IIUC, the PCS introduced the notion of streaming-compatible functions that preserve the SM bit. If they are non-streaming, SM should be 0 on
Yes, it isn't the default though.
entry. It would be nice if we put the syscalls in one of these categories, so either mandate SM == 0 on entry or preserve (the latter being easier, I think, I haven't looked at what it takes to save/restore the streaming SVE state; I may change my mind after reviewing at the other patches).
The streaming SVE state is identical to the SVE state with the exception of the FFR predicate register which is not present unless FA64 is available in the system and enabled and the separatly configured vector length.

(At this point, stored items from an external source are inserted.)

Lemma ln_le_subr1 (u : R) : 0 < u -> ln u <= u - 1.
Proof. by move=> u_gt0; have := @le_ln1Dx R (u - 1); rewrite addrCA subrr addr0; apply; lra. Qed.

Lemma sum_ln_le_ln_mean (I : finType) (v : I -> R) : (0 < #|I|)%N ->
  (forall i, 0 < v i) -> \sum_i ln (v i) <= #|I|%:R * ln ((\sum_i v i) / #|I|%:R).
Proof.
move=> I_gt0 v_gt0; set n := #|I|%:R; set S := \sum_i v i.
have n_gt0 : 0 < n by rewrite ltr0n.
have S_gt0 : 0 < S by exact: sumr_pos_gt0.
have m_gt0 : 0 < S / n by exact: divr_gt0.
have : \sum_i (ln (v i) - ln (S / n)) <= \sum_i (v i / (S / n) - 1).
  apply: ler_sum => i _; rewrite -ln_div ?posrE //; exact/ln_le_subr1/divr_gt0.
have sum_cst (c : R) : \sum_(i : I) c = c * n by rewrite sumr_const mulr_natr.
rewrite !sumrB -mulr_suml -/S !sum_cst invf_div mulrCA divff ?mulr1 ?gt_eqF //.
by rewrite mul1r mulrC; lra.
Qed.

End RealBounds.

Section PairExpectation.
Variables (R : realFieldType) (I : finType) (q : I -> R).

Definition Epair (f : I -> I -> R) : R := \sum_a \sum_b q a * q b * f a b.

Lemma EpairD (f g : I -> I -> R) :
  Epair (fun a b => f a b + g a b) = Epair f + Epair g.
Proof.
rewrite /Epair -big_split; apply: eq_bigr => a _.
by rewrite -big_split; apply: eq_bigr => b _; rewrite mulrDr.
Qed.

Lemma EpairZ (k : R) (f : I -> I -> R) : Epair (fun a b => k * f a b) = k * Epair f.
Proof.
rewrite /Epair big_distrr; apply: eq_bigr => a _.
by rewrite big_distrr; apply: eq_bigr => b _; rewrite mulrCA.
Qed.

Lemma EpairB (f g : I -> I -> R) :
  Epair (fun a b => f a b - g a b) = Epair f - Epair g.
Proof.
rewrite /Epair -sumrB; apply: eq_bigr => a _.
by rewrite -sumrB; apply: eq_bigr => b _; rewrite mulrBr.
Qed.

Lemma Epair_sum (J : finType) (F : J -> I -> I -> R) :
  Epair (fun a b => \sum_j F j a b) = \sum_j Epair (F j).
Proof.
rewrite /Epair [RHS]exchange_big; apply: eq_bigr => a _ /=.
by rewrite [RHS]exchange_big; apply: eq_bigr => b _ /=; rewrite big_distrr.
Qed.

Lemma Epair_delta_fst (j : I) (h : I -> I -> R) :
  Epair (fun a b => (j == a)%:R * h a b) = q j * \sum_b q b * h j b.
Proof.
rewrite /Epair (bigD1 j) //= [X in _ + X]big1 => [|a /negbTE a_neq].
  by rewrite addr0 mulr_sumr; apply: eq_bigr => b _; rewrite eqxx mul1r mulrA.
by rewrite big1 // => b _; rewrite eq_sym a_neq mul0r mulr0.
Qed.

Lemma Epair_delta_snd (j : I) (h : I -> I -> R) :
  Epair (fun a b => (j == b)%:R * h a b) = q j * \sum_a q a * h a j.
Proof.
rewrite /Epair exchange_big (bigD1 j) //= [X in _ + X]big1 => [|b /negbTE b_neq].
  by rewrite addr0 mulr_sumr; apply: eq_bigr => a _; rewrite eqxx mul1r mulrA [q a * _]mulrC.
by rewrite big1 // => a _; rewrite eq_sym b_neq mul0r mulr0.
Qed.

Hypotheses (q_ge0 : forall i, 0 <= q i) (q_sum1 : \sum_i q i = 1).

Lemma Epair_cst (c : R) : Epair (fun _ _ => c) = c.
Proof.
rewrite /Epair -[RHS]mul1r -{1}q_sum1 mulr_suml; apply: eq_bigr => a _.
by rewrite -mulr_suml -mulr_sumr q_sum1 mulr1.
Qed.

Lemma Epair_le (f g : I -> I -> R) : (forall a b, f a b <= g a b) -> Epair f <= Epair g.
Proof.
move=> fg; apply: ler_sum => a _; apply: ler_sum => b _.
by apply: ler_wpM2l; [exact: mulr_ge0 | exact: fg].
Qed.

Lemma Epair_mean2 (u : I -> R) : Epair (fun a b => (u a + u b) / 2) = \sum_i q i * u i.
Proof.
have fst : Epair (fun a _ => u a) = \sum_i q i * u i.
  by apply: eq_bigr => a _; rewrite -mulr_suml -mulr_sumr q_sum1 mulr1.
have snd : Epair (fun _ b => u b) = \sum_i q i * u i.
  rewrite /Epair exchange_big; apply: eq_bigr => b _ /=.
  by rewrite -mulr_suml -mulr_suml q_sum1 mul1r.
have -> : Epair (fun a b => (u a + u b) / 2) =
          2^-1 * (Epair (fun a _ => u a) + Epair (fun _ b => u b)).
  by rewrite -EpairD -EpairZ; apply: eq_bigr => a _; apply: eq_bigr => b _; rewrite [_ / 2]mulrC.
rewrite fst snd; lra.
Qed.

Lemma sum_pair_mulD (u : I -> R) :
  \sum_a \sum_b (u a + u b) * (q a + q b) = 2 * (#|I|%:R * \sum_i q i * u i + \sum_i u i).
Proof.
rewrite (eq_bigr (fun a => (q a * u a) *+ #|I| + \sum_b q b * u b
                           + u a * \sum_b q b + q a * \sum_b u b)).
  rewrite !big_split /= sumrMnl sumr_const -[#|xpredT|]/#|I|.
  by rewrite -!mulr_suml q_sum1 mul1r mulr1 -mulr_natl; ring.
move=> a _; rewrite (eq_bigr (fun b => q a * u a + q b * u b + u a * q b + q a * u b)) => [|b _].
  by rewrite !big_split /= sumr_const -!mulr_sumr.
ring.
Qed.

End PairExpectation.

Section REX3.
Variables (R : realType) (K T : nat) (gamma : R) (x : nat -> 'I_K -> R).
Hypotheses (K_ge2 : (2 <= K)%N) (gamma_gt0 : 0 < gamma) (gamma_lt_half : gamma < 1 / 2).
Hypothesis x01 : forall t i, (t < T)%N -> 0 <= x t i <= 1.

Local Notation eta := (gamma / K%:R).
Local Notation p := (rex3_p gamma).
Local Notation upd t := (rex3_update gamma (x t)).

Definition weights_pos (w : 'I_K -> R) := forall i, 0 < w i.

Definition round_gain (w : 'I_K -> R) (t : nat) : R := \sum_i p w i * x t i.

Definition gain_est (w : 'I_K -> R) (t : nat) (a b i : 'I_K) : R :=
  ((i == a)%:R - (i == b)%:R) * ((x t a - x t b) / (2 * p w i)).

Lemma card_arms_gt0 : (0 < #|'I_K|)%N.
Proof. by rewrite card_ord (leq_trans _ K_ge2). Qed.

Lemma K_gt0 : 0 < K%:R :> R.
Proof. by rewrite ltr0n -[K in (0 < K)%N]card_ord card_arms_gt0. Qed.

Lemma eta_gt0 : 0 < eta.
Proof. exact: divr_gt0 gamma_gt0 K_gt0. Qed.

Lemma one_minus_gamma_gt0 : 0 < 1 - gamma.
Proof. by have := gamma_lt_half; lra. Qed.

Lemma rex3_updateE w t a b i : upd t w a b i = w i * expR (eta * gain_est w t a b i).
Proof.
rewrite /rex3_update /gain_est; case: (eqVneq a b) => [->|a_neq_b].
  by rewrite subrr mul0r mulr0 expR0 mulr1.
case: (eqVneq i a) => [->|i_neq_a]; first by rewrite (negbTE a_neq_b) subr0 mul1r.
case: (eqVneq i b) => [->|i_neq_b]; first by rewrite sub0r mulN1r mulrN.
by rewrite subrr mul0r mulr0 expR0 mulr1.
Qed.

Section Round.
Variables (w : 'I_K -> R) (t : nat).
Hypothesis w_pos : weights_pos w.

Lemma sum_weights_gt0 : 0 < \sum_i w i.
Proof. exact: sumr_pos_gt0 card_arms_gt0 w_pos. Qed.

Lemma rex3_p_ge_eta i : eta <= p w i.
Proof.
have share_ge0 : 0 <= w i / \sum_j w j by rewrite divr_ge0 // ltW // sum_weights_gt0.
by rewrite /rex3_p lerDr mulr_ge0 // ltW // one_minus_gamma_gt0.
Qed.

Lemma rex3_p_gt0 i : 0 < p w i.
Proof. exact: lt_le_trans eta_gt0 (rex3_p_ge_eta i). Qed.

Lemma rex3_p_ge0 i : 0 <= p w i.
Proof. exact/ltW/rex3_p_gt0. Qed.

Lemma sum_rex3_p : \sum_i p w i = 1.
Proof.
rewrite big_split /= -(mulr_sumr _ _ _ (1 - gamma)) -(mulr_suml _ _ _ (\sum_j w j)^-1).
rewrite divff ?gt_eqF ?sum_weights_gt0 //.
by rewrite sumr_const card_ord -[gamma / _ *+ K]mulr_natr divfK ?gt_eqF ?K_gt0 // mulr1 subrK.
Qed.

Lemma weight_share i : w i / \sum_j w j = (p w i - eta) / (1 - gamma).
Proof. by rewrite /rex3_p addrK [RHS]mulrC mulKf // gt_eqF // one_minus_gamma_gt0. Qed.

Lemma weights_pos_update a b : weights_pos (upd t w a b).
Proof. by move=> i; rewrite rex3_updateE mulr_gt0 ?expR_gt0. Qed.

Lemma ln_update a b i : ln (upd t w a b i) = ln (w i) + eta * gain_est w t a b i.
Proof. by rewrite rex3_updateE lnM ?posrE ?expR_gt0 // expRK. Qed.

It's sounding like we may as well just preserve SM, it shouldn't come up that often anyway and if it causes performance problems we can probably optimise it, and/or userspace can simply just not do that. Like I say I don't have particularly strong feelings, the current behaviour was just the easiest thing to implement and it doesn't seem like there is a use case. This is fine by me, I can do that for the next version.
[fork()/clone() behaviour]
(few hours later) I think instead of singling out fork() (clone3() actually), we can just say that new tasks (process/thread) always start with PSTATE.ZA == 0, PSTATE.SM == 0 (tbd for this) and TPIDR2_EL0 == 0 irrespective of any clone3() flags (even CLONE_SETTLS). The C library will have to implement the lazy ZA saving in the parent before the syscall and the child will automatically recover the state if it follows the PCS.
Works for me, I think forcing the userspace to consider this is going to work out more robust.